▼

Lemma T0_terms_in_Delta r s a (i : 'I_s.+1 -> 'I_n) (j : 'I_s.-1 -> 'I_n) x p :
  (0 < s <= r)%N -> in_Delta (r - s) a ->
  in_Delta r (a - eps (i x) + \sum_k eps (i k)) /\
  in_Delta r (a + eps p + \sum_l eps (j l)).
Proof.
move=> /andP[s0 sr] /in_DeltaP[a_ge0 sa]; split; apply/in_DeltaP; split.
- move=> c; rewrite !ffunE; have := sum_eps_ge0 i c; have := sum_eps_ge1 i x.
  by have := a_ge0 c; case: eqP => [<-|_] /=; lia.
- by rewrite vsumD vsumB vsum_eps vsum_sum_eps sa; lia.
- by move=> c; rewrite !ffunE !addr_ge0 ?sum_eps_ge0.
- by rewrite !vsumD vsum_eps vsum_sum_eps sa; lia.
Qed.

End IntegerVectors.

Lemma int_min_le (S : set int) x : S x -> (forall y, S y -> 0 <= y) ->
  int_min S <= x.
Proof.
move=> Sx S_ge0.
have [m [Sm m_min]] : exists m, S m /\ forall y, S y -> m <= y.
  have exS : exists k : nat, `[< S k%:Z >].
    by exists `|x|%N; apply/asboolP; rewrite gez0_abs ?S_ge0.
  case: (ex_minnP exS) => k /asboolP Sk k_min; exists k%:Z; split => // y Sy.
  rewrite -(gez0_abs (S_ge0 y Sy)) lez_nat; apply: k_min.
  by apply/asboolP; rewrite gez0_abs ?S_ge0.
by have [_ ->] := xgetPex 0 (ex_intro (fun m => S m /\ _) m (conj Sm m_min)).
Qed.

Lemma int_max_ge (S : set int) (B : nat) x : S x ->
  (forall y, S y -> 0 <= y <= B%:Z) -> x <= int_max S.
Proof.
move=> Sx S_bnd.
have [m [Sm m_max]] : exists m, S m /\ forall y, S y -> y <= m.
  have exS : exists k : nat, `[< S k%:Z >].
    by exists `|x|%N; apply/asboolP; rewrite gez0_abs ?(andP (S_bnd x Sx)).1.
  have leB k : `[< S k%:Z >] -> (k <= B)%N.
    by move=> /asboolP/S_bnd/andP[_]; rewrite lez_nat.
  case: (ex_maxnP exS leB) => k /asboolP Sk k_max; exists k%:Z; split => // y Sy.
  have /andP[y0 _] := S_bnd y Sy.
  rewrite -(gez0_abs y0) lez_nat; apply: k_max.
  by apply/asboolP; rewrite gez0_abs.
by have [_ ->] := xgetPex 0 (ex_intro (fun m => S m /\ _) m (conj Sm m_max)).
Qed.

Section DeltaBounds.
Variables (n r : nat) (J : set (vec n)).
Hypothesis J_Delta : forall a, J a -> in_Delta r a.

Lemma delta_minus_le a c : J a -> delta_minus J c <= a c.
Proof.
move=> Ja; rewrite ffunE; apply: int_min_le; first by exists a.
by move=> _ [b /J_Delta/in_DeltaP[b0 _] <-].
Qed.

Lemma delta_plus_ge a c : J a -> a c <= delta_plus J c.
Proof.
move=> Ja; rewrite ffunE; apply: (@int_max_ge _ r); first by exists a.
move=> _ [b /J_Delta/in_DeltaP[b0 sb] <-].
by rewrite b0 -sb vsum_ge_coord.
Qed.

End DeltaBounds.

Section TropicalNullity.
Variable R : realType.

Lemma T0_null_max_twice m (t : 'I_m.+1 -> R) : (forall k, 0 <= t k) ->
  (forall x, 0 < t x -> (forall y, t y <= t x) -> exists2 x', x' != x & t x' = t x) ->
  T0_null t.
Proof.
move=> t0 max_twice.
have [|/existsNP[y /eqP ty]] := pselect (forall k, t k = 0); first by left.
right; have [x _ x_max] := @arg_maxP _ R _ ord0 xpredT t isT.
have tx : 0 < t x by rewrite (lt_le_trans _ (x_max y isT)) // lt0r ty t0.
have [x' x'x tx'] := max_twice x tx (fun y => x_max y isT).
by exists x, x'; split=> [|//|k]; [rewrite eq_sym | exact: x_max].
Qed.

Lemma T0_null_pos m (t : 'I_m -> R) x : T0_null t -> 0 < t x ->
  exists k1 k2, [/\ k1 != k2, t k1 = t k2 & t x <= t k1].
Proof.
case=> [t0|[k1 [k2 [k12 t12 t_max]]]] tx; first by rewrite t0 ltxx in tx.
by exists k1, k2.
Qed.

End TropicalNullity.

Section LogTransform.
Variables (R : realType) (n r : nat) (rho : vec n -> R).
Hypothesis rho_ge0 : forall a, in_Delta r a -> 0 <= rho a.
Local Notation f := (f_of r rho).

Lemma f_of_fin a : in_Delta r a -> rho a != 0 -> f a = (- ln (rho a))%:E.
Proof. by rewrite /f_of => -> /negbTE ->. Qed.

Lemma f_of_finP a : f a != +oo%E <-> in_Delta r a /\ rho a != 0.
Proof.
split=> [|[da na]]; last by rewrite f_of_fin.
by rewrite /f_of; case: ifP => // da; case: ifP => // /negbT.
Qed.

Lemma f_of_neq_ninfty a : f a != -oo%E.
Proof. by rewrite /f_of; case: ifP => //; case: ifP. Qed.

Lemma rho_gt0 a : in_Delta r a -> rho a != 0 -> 0 < rho a.
Proof. by move=> da na; rewrite lt0r na rho_ge0. Qed.

Lemma f_ofD_le a b a' b' :
  in_Delta r a -> in_Delta r b -> in_Delta r a' -> in_Delta r b' ->
  rho a != 0 -> rho b != 0 -> rho a' != 0 -> rho b' != 0 ->
  (f a' + f b' <= f a + f b)%E <-> rho a * rho b <= rho a' * rho b'.
Proof.
move=> da db da' db' na nb na' nb'.
rewrite !f_of_fin // -!EFinD lee_fin -!opprD lerN2 -!lnM ?posrE ?rho_gt0 //.
by rewrite ler_ln ?posrE ?mulr_gt0 ?rho_gt0.
Qed.

End LogTransform.

Definition mul_exchange (R : realType) n r (rho : vec n -> R) : Prop :=
  forall a b, in_Delta r a -> in_Delta r b -> rho a != 0 -> rho b != 0 ->
  forall k, b k < a k -> exists l, a l < b l /\
    rho a * rho b <= rho (a - eps k + eps l) * rho (b + eps k - eps l).

Lemma Mconvex_f_ofP (R : realType) n r (rho : vec n -> R) :
  (forall a, in_Delta r a -> 0 <= rho a) ->
  Mconvex_fun (f_of r rho) <->
  (exists a, in_Delta r a /\ rho a != 0) /\ mul_exchange r rho.
Proof.
move=> rho_ge0.
split=> [[[a0 fa0] f_ex]|[[a0 supp_a0] rho_ex]]; split; first by exists a0; apply/f_of_finP.
- move=> a b da db na nb k bk.
  have [fa fb] : f_of r rho a != +oo%E /\ f_of r rho b != +oo%E.
    by split; apply/f_of_finP.
  have [l [alb]] := f_ex a b fa fb k bk.
  set a' := a - eps k + eps l; set b' := b + eps k - eps l => le_f.
  have [/f_of_finP[da' na'] /f_of_finP[db' nb']] : f_of r rho a' != +oo%E /\ f_of r rho b' != +oo%E.
    move: le_f (f_of_neq_ninfty r rho a') (f_of_neq_ninfty r rho b').
    rewrite (f_of_fin da na) (f_of_fin db nb) -EFinD.
    by case: (f_of r rho a') => [?| |]; case: (f_of r rho b') => [?| |].
  by exists l; split; last apply/(f_ofD_le rho_ge0 da db da' db' na nb na' nb').
- by exists a0; apply/f_of_finP.
- move=> a b /f_of_finP[da na] /f_of_finP[db nb] k bk.
  have [l [alb le_rho]] := rho_ex a b da db na nb k bk.
  exists l; split => //.
  have [/in_DeltaP[a_ge0 _] /in_DeltaP[b_ge0 _]] := (da, db).
  have da' := in_Delta_exchange l da (le_lt_trans (b_ge0 k) bk).
  have db' : in_Delta r (b + eps k - eps l).
    by rewrite addrAC; apply: in_Delta_exchange db (le_lt_trans (a_ge0 l) alb).
  have : rho (a - eps k + eps l) * rho (b + eps k - eps l) != 0.
    by rewrite lt0r_neq0 // (lt_le_trans _ le_rho) // mulr_gt0 ?(rho_gt0 rho_ge0).
  rewrite mulf_eq0 negb_or => /andP[na' nb'].
  exact/(f_ofD_le rho_ge0 da db da' db' na nb na' nb').
Qed.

▲

• **Requirement**:
Go through the listing above and return every line where the word "ffunE" occurs.

• **Expected output**:
- move=> c; rewrite !ffunE; have := sum_eps_ge0 i c; have := sum_eps_ge1 i x.
- by move=> c; rewrite !ffunE !addr_ge0 ?sum_eps_ge0.
move=> Ja; rewrite ffunE; apply: int_min_le; first by exists a.
move=> Ja; rewrite ffunE; apply: (@int_max_ge _ r); first by exists a.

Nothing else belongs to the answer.